(* For the scaled single-server CDN described in the context, $$\lim_{c\to\infty}\frac1c J_1^c=\lim_{c\to\infty}\frac1c J_{ub}^c,$$ where $J_1^c$ is the throughput of the scaled system and $J_{ub}^c=\min\big(\lambda^c(0),\mu^c\big)$.
   Context: A single surrogate server in a planar network region $G$ of area $\mathcal{A}$ serves requests first-come-first-served with exponential service rate $\mu^c=c\mu$, where $c\ge1$ is a scaling factor. Requests arrive as a Poisson process of rate $\lambda^c=c\lambda$ with locations uniform on $G$; the disc of radius $\psi$ around the server lies in $G$; $\mathcal{A}$ and the latency bound $\psi>0$ do not depend on $c$. A request arriving when the server holds $n$ requests is routed to it iff its location is within distance $\psi-(n+1)/\mu^c$ of the server. Thus the number of requests is a birth–death chain on $\{0,\dots,N^c\}$, $N^c=\lceil\psi c\mu-1\rceil$, with death rate $\mu^c$ and birth rate $\lambda^c(n)=\frac{c\lambda}{\mathcal{A}}\pi\big(\psi-\frac{n+1}{c\mu}\big)^2$ for $n<N^c$ ($0$ at $N^c$). The throughput $J_1^c$ is the long-run rate of served requests. *)

From HB Require Import structures.
From mathcomp Require Import all_boot all_order all_algebra.
From mathcomp Require Import all_classical all_reals all_analysis.
Set Implicit Arguments. Unset Strict Implicit. Unset Printing Implicit Defensive.
Import Order.TTheory GRing.Theory Num.Theory.
Import numFieldNormedType.Exports.
Local Open Scope ring_scope.

Section CDN.
Variable R : realType.
(* parameters: arrival rate lam, service rate mu, area A, latency bound psi,
   scaling factor c *)
Variables (lam mu A psi : R).

Definition capN (c : R) : nat :=
  let x := psi * c * mu - 1 in
  if 0 < x then `|Num.ceil x|%N else 0%N.

Definition lamc (c : R) : R := c * lam.
Definition muc (c : R) : R := c * mu.

Definition birth (c : R) (n : nat) : R :=
  if (n < capN c)%N
  then lamc c / A * pi * (psi - n.+1%:R / muc c) ^+ 2
  else 0.

Definition death (c : R) (n : nat) : R := if (0 < n)%N then muc c else 0.

(* p is a stationary distribution of the birth-death chain on {0,...,N^c}:
   a probability vector satisfying the global balance equations p Q = 0. *)
Definition stationary (c : R) (p : nat -> R) : Prop :=
  (forall n, (n <= capN c)%N -> 0 <= p n) /\
  \sum_(0 <= n < (capN c).+1) p n = 1 /\
  (forall n, (n <= capN c)%N ->
     p n * (birth c n + death c n) =
       (if n is m.+1 then p m * birth c m else 0)
       + (if (n < capN c)%N then p n.+1 * death c n.+1 else 0)).

(* throughput J_1^c: long-run rate of served requests = mu^c P(server busy)
   under the stationary distribution p *)
Definition throughput (c : R) (p : nat -> R) : R :=
  muc c * \sum_(1 <= n < (capN c).+1) p n.

Definition Jub (c : R) : R := Num.min (birth c 0) (muc c).

End CDN.

From HB Require Import structures.
From mathcomp Require Import all_boot all_order all_algebra.
From mathcomp Require Import all_classical all_reals all_analysis.
From mathcomp Require Import ring lra.
Set Implicit Arguments. Unset Strict Implicit. Unset Printing Implicit Defensive.
Import Order.TTheory GRing.Theory Num.Theory.
Import numFieldNormedType.Exports.
Local Open Scope classical_set_scope.
Local Open Scope ring_scope.

(* Global balance of the birth-death chain reduces to detailed balance
   p(n+1) mu^c = p(n) lambda^c(n), so the throughput mu^c P(n >= 1) equals
   sum_n p(n) lambda^c(n), which is at most min(c lambda pi psi^2 / A, mu^c).
   Conversely lambda^c(n) >= c lambda pi psi^2 / A - O(K) for n < K, hence
   p(n+1) >= q p(n) there with q ~ min(lambda pi psi^2 / A, mu) / mu; comparing
   1 - p(m) with P(n >= 1) for each m < K and averaging over m gives
   P(n >= 1) >= q (1 - 1/K).  Letting c -> oo and then K -> oo squeezes J_1^c / c
   onto min(lambda pi psi^2 / A, mu), which is also the limit of J_ub^c / c. *)

Lemma sum_nat_bump (V : nmodType) (f : nat -> V) (N m : nat) : (m <= N)%N ->
  \sum_(0 <= n < N.+1) f n = f m + \sum_(0 <= n < N) f (bump m n).
Proof.
by rewrite -ltnS => mN; rewrite !big_mkord (bigD1_ord (Ordinal mN)) //=.
Qed.

Lemma detailed_balance (R : pzRingType) (u b d : nat -> R) (N : nat) :
  d 0%N = 0 ->
  (forall n, (n <= N)%N -> u n * (b n + d n) =
     (if n is m.+1 then u m * b m else 0)
     + (if (n < N)%N then u n.+1 * d n.+1 else 0)) ->
  forall n, (n < N)%N -> u n.+1 * d n.+1 = u n * b n.
Proof.
move=> d0 balance; elim=> [|n IH] nN.
  by have := balance 0%N (ltnW nN); rewrite nN d0 addr0 add0r => ->.
have := balance n.+1 (ltnW nN); rewrite nN -IH ?(ltnW nN) // mulrDr.
by rewrite [in X in X = _]addrC => /addrI ->.
Qed.

Section ProbabilityVector.
Variables (R : realFieldType) (u : nat -> R) (N : nat).
Hypotheses (u_ge0 : forall n, (n <= N)%N -> 0 <= u n)
           (u_sum1 : \sum_(0 <= n < N.+1) u n = 1).

Lemma sum_prefix_le1 K : (K <= N.+1)%N -> \sum_(0 <= n < K) u n <= 1.
Proof.
move=> KN; rewrite -u_sum1 (big_cat_nat (leq0n K) KN) /= lerDl.
by rewrite big_nat_cond sumr_ge0 // => n /andP[/andP[_ /u_ge0]].
Qed.

Lemma sum_tailE : \sum_(1 <= n < N.+1) u n = 1 - u 0%N.
Proof. by rewrite -u_sum1 [in RHS]big_ltn // addrC addKr. Qed.

Lemma sum_tail_ge_skip (q : R) m : q <= 1 -> (m <= N)%N ->
  (forall n, (n < m)%N -> q * u n <= u n.+1) ->
  q * (1 - u m) <= \sum_(1 <= n < N.+1) u n.
Proof.
(* Drop state m and send every other state n to n + 1 if n < m, to itself if n > m. *)
move=> q1 mN qu; rewrite -[in 1 - _]u_sum1 (sum_nat_bump u mN) addrC addrK.
rewrite big_add1 /= mulr_sumr; apply: ler_sum_nat => n /andP[_ nN] /=.
rewrite /bump; case: leqP => [mn | nm]; last by rewrite add0n qu.
by rewrite add1n ler_piMl // u_ge0.
Qed.

Lemma sum_tail_ge (q : R) K : 0 <= q <= 1 -> (0 < K <= N)%N ->
  (forall n, (n < K)%N -> q * u n <= u n.+1) ->
  q * (1 - K%:R^-1) <= \sum_(1 <= n < N.+1) u n.
Proof.
move=> /andP[q0 q1] /andP[K0 KN] qu; set T := \sum_(1 <= n < N.+1) u n.
have avg : \sum_(0 <= m < K) q * (1 - u m) <= \sum_(0 <= m < K) T.
  apply: ler_sum_nat => m /andP[_ mK]; apply: sum_tail_ge_skip => // [|n nm].
    exact: leq_trans (ltnW mK) KN.
  exact/qu/(ltn_trans nm).
rewrite -mulr_sumr sumrB !sumr_const_nat subn0 -(mulr_natr T) in avg.
have K_gt0 : 0 < K%:R :> R by rewrite ltr0n.
have qK : q * (K%:R - 1) <= T * K%:R.
  apply: le_trans avg; apply: ler_wpM2l => //.
  by rewrite lerD2l lerN2 sum_prefix_le1 // (leq_trans KN).
have -> : q * (1 - K%:R^-1) = q * (K%:R - 1) / K%:R by field; rewrite gt_eqF.
by rewrite ler_pdivrMr.
Qed.

Section ConstantDeathRate.
Variables (b : nat -> R) (m : R).
Hypothesis (balance : forall n, (n < N)%N -> u n.+1 * m = u n * b n).

Lemma flow_tailE : m * \sum_(1 <= n < N.+1) u n = \sum_(0 <= n < N) u n * b n.
Proof.
rewrite big_add1 /= mulr_sumr; apply: eq_big_nat => n /andP[_ nN].
by rewrite mulrC balance.
Qed.

Lemma flow_tail_le (B : R) : 0 <= B -> (forall n, (n < N)%N -> b n <= B) ->
  m * \sum_(1 <= n < N.+1) u n <= B.
Proof.
move=> B0 bB; rewrite flow_tailE.
apply: (@le_trans _ _ (\sum_(0 <= n < N) u n * B)).
  by apply: ler_sum_nat => n /andP[_ nN]; rewrite ler_wpM2l ?bB // u_ge0 // ltnW.
by rewrite -mulr_suml ler_piMl // sum_prefix_le1.
Qed.

Lemma flow_tail_ge (x : R) K : 0 < m -> x <= m -> (0 < K <= N)%N ->
  (forall n, (n < K)%N -> x <= b n) ->
  x * (1 - K%:R^-1) <= m * \sum_(1 <= n < N.+1) u n.
Proof.
move=> m_gt0 xm KN xb; have /andP[K_gt0 K_le] := KN.
have [x_le0 | x_gt0] := lerP x 0.
  have T_ge0 : 0 <= \sum_(1 <= n < N.+1) u n.
    by rewrite big_nat_cond sumr_ge0 // => n /andP[/andP[_ /u_ge0]].
  apply: le_trans (mulr_ge0 (ltW m_gt0) T_ge0).
  by rewrite mulr_le0_ge0 // subr_ge0 invf_le1 ?ler1n ?ltr0n.
rewrite -[x](divfK (lt0r_neq0 m_gt0)) mulrAC mulrC ler_pM2l //.
apply: sum_tail_ge KN _ => [|n nK].
  by rewrite ler_pdivrMr // mul1r xm andbT divr_ge0 // ltW.
have nN : (n < N)%N := leq_trans nK K_le.
rewrite -(ler_pM2r m_gt0) balance // mulrAC divfK ?lt0r_neq0 //.
by rewrite mulrC ler_wpM2l ?xb // u_ge0 // ltnW.
Qed.

End ConstantDeathRate.

End ProbabilityVector.

Lemma cvgy_squeeze (R : realType) (f : R -> R) (l : R) :
  (forall e, 0 < e -> \forall x \near +oo, l - e <= f x <= l) ->
  f x @[x --> +oo] --> l.
Proof.
move=> fl; apply/cvgrPdist_le => e /fl; apply: filterS => x /andP[lo up].
by rewrite ler_norml; apply/andP; split; lra.
Qed.

Section CDN.
Variables (R : realType) (lam mu A psi : R).
Hypotheses (lam_gt0 : 0 < lam) (mu_gt0 : 0 < mu) (A_gt0 : 0 < A) (psi_gt0 : 0 < psi).

Lemma capN_le c : 0 <= c -> (capN mu psi c)%:R <= psi * c * mu.
Proof.
move=> c_ge0; rewrite /capN; case: ifP => [x_gt0 | _]; last by rewrite !mulr_ge0 // ltW.
have : -1 < psi * c * mu - 1 by lra.
rewrite -ceil_ge0; have := ceilB1_lt (psi * c * mu - 1).
by case: (Num.ceil _) => // n; rewrite intrB -[(Posz n)%:~R]/(n%:R); lra.
Qed.

Lemma capN_ge c K : K%:R + 1 < psi * c * mu -> (K <= capN mu psi c)%N.
Proof.
move=> Kc; rewrite /capN ifT; last by have : 0 <= K%:R :> R by []; lra.
have : K%:R < psi * c * mu - 1 by lra.
rewrite -[K%:R]/(K%:~R : R) -ceil_gt_int.
by case: (Num.ceil _) => [n|n] //; rewrite ltz_nat => /ltnW.
Qed.

Lemma near_mul_ge (x e : R) : 0 < e -> \forall c \near +oo, x <= c * e.
Proof.
move=> e_gt0; apply: filterS (nbhs_pinfty_ge (num_real (x / e))) => c.
by rewrite ler_pdivrMr.
Qed.

Lemma near_capN_ge K : \forall c \near +oo, (K <= capN mu psi c)%N.
Proof.
apply: filterS (near_mul_ge (K%:R + 2) (mulr_gt0 psi_gt0 mu_gt0)) => c Kc.
by apply: capN_ge; lra.
Qed.

Let a := lam / A * pi.
(* From (psi - h)^2 >= psi^2 - 2 psi h with h = (n+1) / (c mu): the shrinking
   routing radius costs at most C (n+1) of birth rate, uniformly in c. *)
Let C := 2 * a * psi / mu.

Lemma a_gt0 : 0 < a.
Proof. by rewrite !mulr_gt0 ?invr_gt0 ?pi_gt0. Qed.

Lemma a_psi2_gt0 : 0 < a * psi ^+ 2.
Proof. by rewrite mulr_gt0 ?a_gt0 ?exprn_gt0. Qed.

Lemma birthE c n : (n < capN mu psi c)%N ->
  birth lam mu A psi c n = c * a * (psi - n.+1%:R / (c * mu)) ^+ 2.
Proof. by move=> nN; rewrite /birth nN /lamc /muc /a !mulrA. Qed.

Lemma birth_le c n : 0 < c -> birth lam mu A psi c n <= c * (a * psi ^+ 2).
Proof.
move=> c_gt0; have [nN | Nn] := ltnP n (capN mu psi c); last first.
  by rewrite /birth ltnNge Nn /= ltW // mulr_gt0 // a_psi2_gt0.
rewrite birthE // -mulrA ler_pM2l // ler_pM2l ?a_gt0 //.
have cmu_gt0 : 0 < c * mu by rewrite mulr_gt0.
have h_le : n.+1%:R / (c * mu) <= psi.
  rewrite ler_pdivrMr // mulrA; apply: le_trans (capN_le (ltW c_gt0)).
  by rewrite ler_nat.
rewrite ler_sqr ?nnegrE ?subr_ge0 ?(ltW psi_gt0) //.
by rewrite gerBl divr_ge0 // ltW.
Qed.

Lemma birth_ge c n : 0 < c -> (n < capN mu psi c)%N ->
  c * (a * psi ^+ 2) - C * n.+1%:R <= birth lam mu A psi c n.
Proof.
move=> c_gt0 nN; rewrite birthE //; set h := n.+1%:R / (c * mu).
have -> : c * (a * psi ^+ 2) - C * n.+1%:R = c * a * (psi ^+ 2 - 2 * psi * h).
  by rewrite /C /h; field; rewrite !gt_eqF.
rewrite ler_wpM2l ?(mulr_ge0 (ltW c_gt0) (ltW a_gt0)) // sqrrB.
by have := sqr_ge0 h; lra.
Qed.

Let Jlim := Num.min (a * psi ^+ 2) mu.

Lemma C_ge0 : 0 <= C.
Proof. by rewrite ltW // divr_gt0 // mulr_gt0 // mulr_gt0 // a_gt0. Qed.

Lemma Jub_bounds c : 0 < c -> (0 < capN mu psi c)%N ->
  c * Jlim - C <= Jub lam mu A psi c <= c * Jlim.
Proof.
move=> c_gt0 N_gt0; rewrite /Jlim (minr_pMr _ _ (ltW c_gt0)) /Jub /muc.
rewrite le_min2 ?birth_le ?lexx // andbT le_min; apply/andP; split.
  by apply: le_trans (birth_ge c_gt0 N_gt0); rewrite mulr1 lerD2r ge_min lexx.
have : Num.min (c * (a * psi ^+ 2)) (c * mu) <= c * mu by rewrite ge_min lexx orbT.
by have := C_ge0; lra.
Qed.

Lemma throughput_bounds c p K : 0 < c -> stationary lam mu A psi c p ->
  (0 < K <= capN mu psi c)%N ->
  (c * Jlim - C * K%:R) * (1 - K%:R^-1) <= throughput mu psi c p <= c * Jlim.
Proof.
move=> c_gt0 [p_ge0 [p_sum1 global]] KN; have /andP[_ K_le] := KN.
have balance n : (n < capN mu psi c)%N ->
    p n.+1 * (c * mu) = p n * birth lam mu A psi c n.
  exact: (detailed_balance (d := death mu c) _ global).
have cmu_gt0 : 0 < c * mu by rewrite mulr_gt0.
have cJlim_le : c * Jlim <= c * (a * psi ^+ 2) /\ c * Jlim <= c * mu.
  by rewrite /Jlim (minr_pMr _ _ (ltW c_gt0)) !ge_min !lexx orbT.
rewrite /throughput /muc; apply/andP; split.
  apply: (flow_tail_ge p_ge0 p_sum1 balance) => // [|n nK].
    by have := C_ge0; have := ler0n R K; nra.
  apply: le_trans (birth_ge c_gt0 (leq_trans nK K_le)).
  rewrite lerB //; first by case: cJlim_le.
  by rewrite ler_wpM2l ?C_ge0 // ler_nat.
rewrite /Jlim (minr_pMr _ _ (ltW c_gt0)) le_min; apply/andP; split.
  apply: (flow_tail_le p_ge0 p_sum1 balance); first by rewrite ltW // mulr_gt0 // a_psi2_gt0.
  by move=> n _; apply: birth_le.
rewrite -[X in _ <= X]mulr1 ler_wpM2l ?(ltW cmu_gt0) //.
by rewrite sum_tailE // gerBl p_ge0.
Qed.

Lemma Jub_div_near e : 0 < e ->
  \forall c \near +oo, Jlim - e <= Jub lam mu A psi c / c <= Jlim.
Proof.
move=> e_gt0; near=> c.
have c_gt0 : 0 < c by near: c; apply: nbhs_pinfty_gt; rewrite num_real.
have N_gt0 : (0 < capN mu psi c)%N by near: c; exact: near_capN_ge.
have Ce : C <= c * e by near: c; exact: near_mul_ge.
have /andP[lo up] := Jub_bounds c_gt0 N_gt0.
rewrite ler_pdivlMr // ler_pdivrMr // mulrBl ![_ * c]mulrC; lra.
Unshelve. all: by end_near. Qed.

Lemma throughput_div_near (p : R -> nat -> R) e :
  (forall c, 1 <= c -> stationary lam mu A psi c (p c)) -> 0 < e ->
  \forall c \near +oo, Jlim - e <= throughput mu psi c (p c) / c <= Jlim.
Proof.
move=> p_stat e_gt0; set K := (Num.truncn (Jlim / (e / 2))).+1.
have K_gt0 : 0 < K%:R :> R by rewrite ltr0n.
have Jlim_ge0 : 0 <= Jlim by rewrite le_min !ltW ?a_psi2_gt0.
have JK : Jlim * K%:R^-1 <= e / 2.
  rewrite ler_pdivrMr // mulrC -ler_pdivrMr ?divr_gt0 //.
  exact/ltW/truncnS_gt.
have w_ge0 : 0 <= K%:R^-1 :> R by rewrite invr_ge0 ltW.
near=> c.
have c_ge1 : 1 <= c by near: c; apply: nbhs_pinfty_ge; rewrite num_real.
have c_gt0 : 0 < c by lra.
have KN : (0 < K <= capN mu psi c)%N by rewrite /=; near: c; exact: near_capN_ge.
have CK : C * K%:R <= c * (e / 2) by near: c; apply: near_mul_ge; rewrite divr_gt0.
have /andP[lo up] := throughput_bounds c_gt0 (p_stat c c_ge1) KN.
rewrite ler_pdivlMr // ler_pdivrMr // [Jlim * c]mulrC andbC up /=.
apply: le_trans lo.
have cJK : c * (Jlim * K%:R^-1) <= c * (e / 2) := ler_wpM2l (ltW c_gt0) JK.
have CKw : 0 <= C * K%:R * K%:R^-1 := mulr_ge0 (mulr_ge0 C_ge0 (ler0n _ _)) w_ge0.
have -> : (c * Jlim - C * K%:R) * (1 - K%:R^-1)
  = c * Jlim - c * (Jlim * K%:R^-1) - C * K%:R + C * K%:R * K%:R^-1 by ring.
lra.
Unshelve. all: by end_near. Qed.

Lemma Jub_div_cvg : Jub lam mu A psi c / c @[c --> +oo] --> Jlim.
Proof. by apply: cvgy_squeeze => e; apply: Jub_div_near. Qed.

Lemma throughput_div_cvg (p : R -> nat -> R) :
  (forall c, 1 <= c -> stationary lam mu A psi c (p c)) ->
  throughput mu psi c (p c) / c @[c --> +oo] --> Jlim.
Proof. by move=> p_stat; apply: cvgy_squeeze => e; apply: throughput_div_near. Qed.

End CDN.

Theorem lemma7 (R : realType) (lam mu A psi : R)
  (hlam : 0 < lam) (hmu : 0 < mu) (hA : 0 < A) (hpsi : 0 < psi)
  (hdisc : pi * psi ^+ 2 <= A)
  (p : R -> nat -> R)
  (hp : forall c, 1 <= c -> stationary lam mu A psi c (p c)) :
  exists l : R,
    (Jub lam mu A psi c / c @[c --> +oo] --> l) /\
    (throughput mu psi c (p c) / c @[c --> +oo] --> l).
Proof.
eexists; split; first exact: Jub_div_cvg.
exact: throughput_div_cvg.
Qed.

* * * * *

Exercise:
Print exactly the lines of the listing above starting at the line containing "Definition stationary (c" and ending at the line containing "(if n is m.+1 then p", both included.

Answer section:
Definition stationary (c : R) (p : nat -> R) : Prop :=
  (forall n, (n <= capN c)%N -> 0 <= p n) /\
  \sum_(0 <= n < (capN c).+1) p n = 1 /\
  (forall n, (n <= capN c)%N ->
     p n * (birth c n + death c n) =
       (if n is m.+1 then p m * birth c m else 0)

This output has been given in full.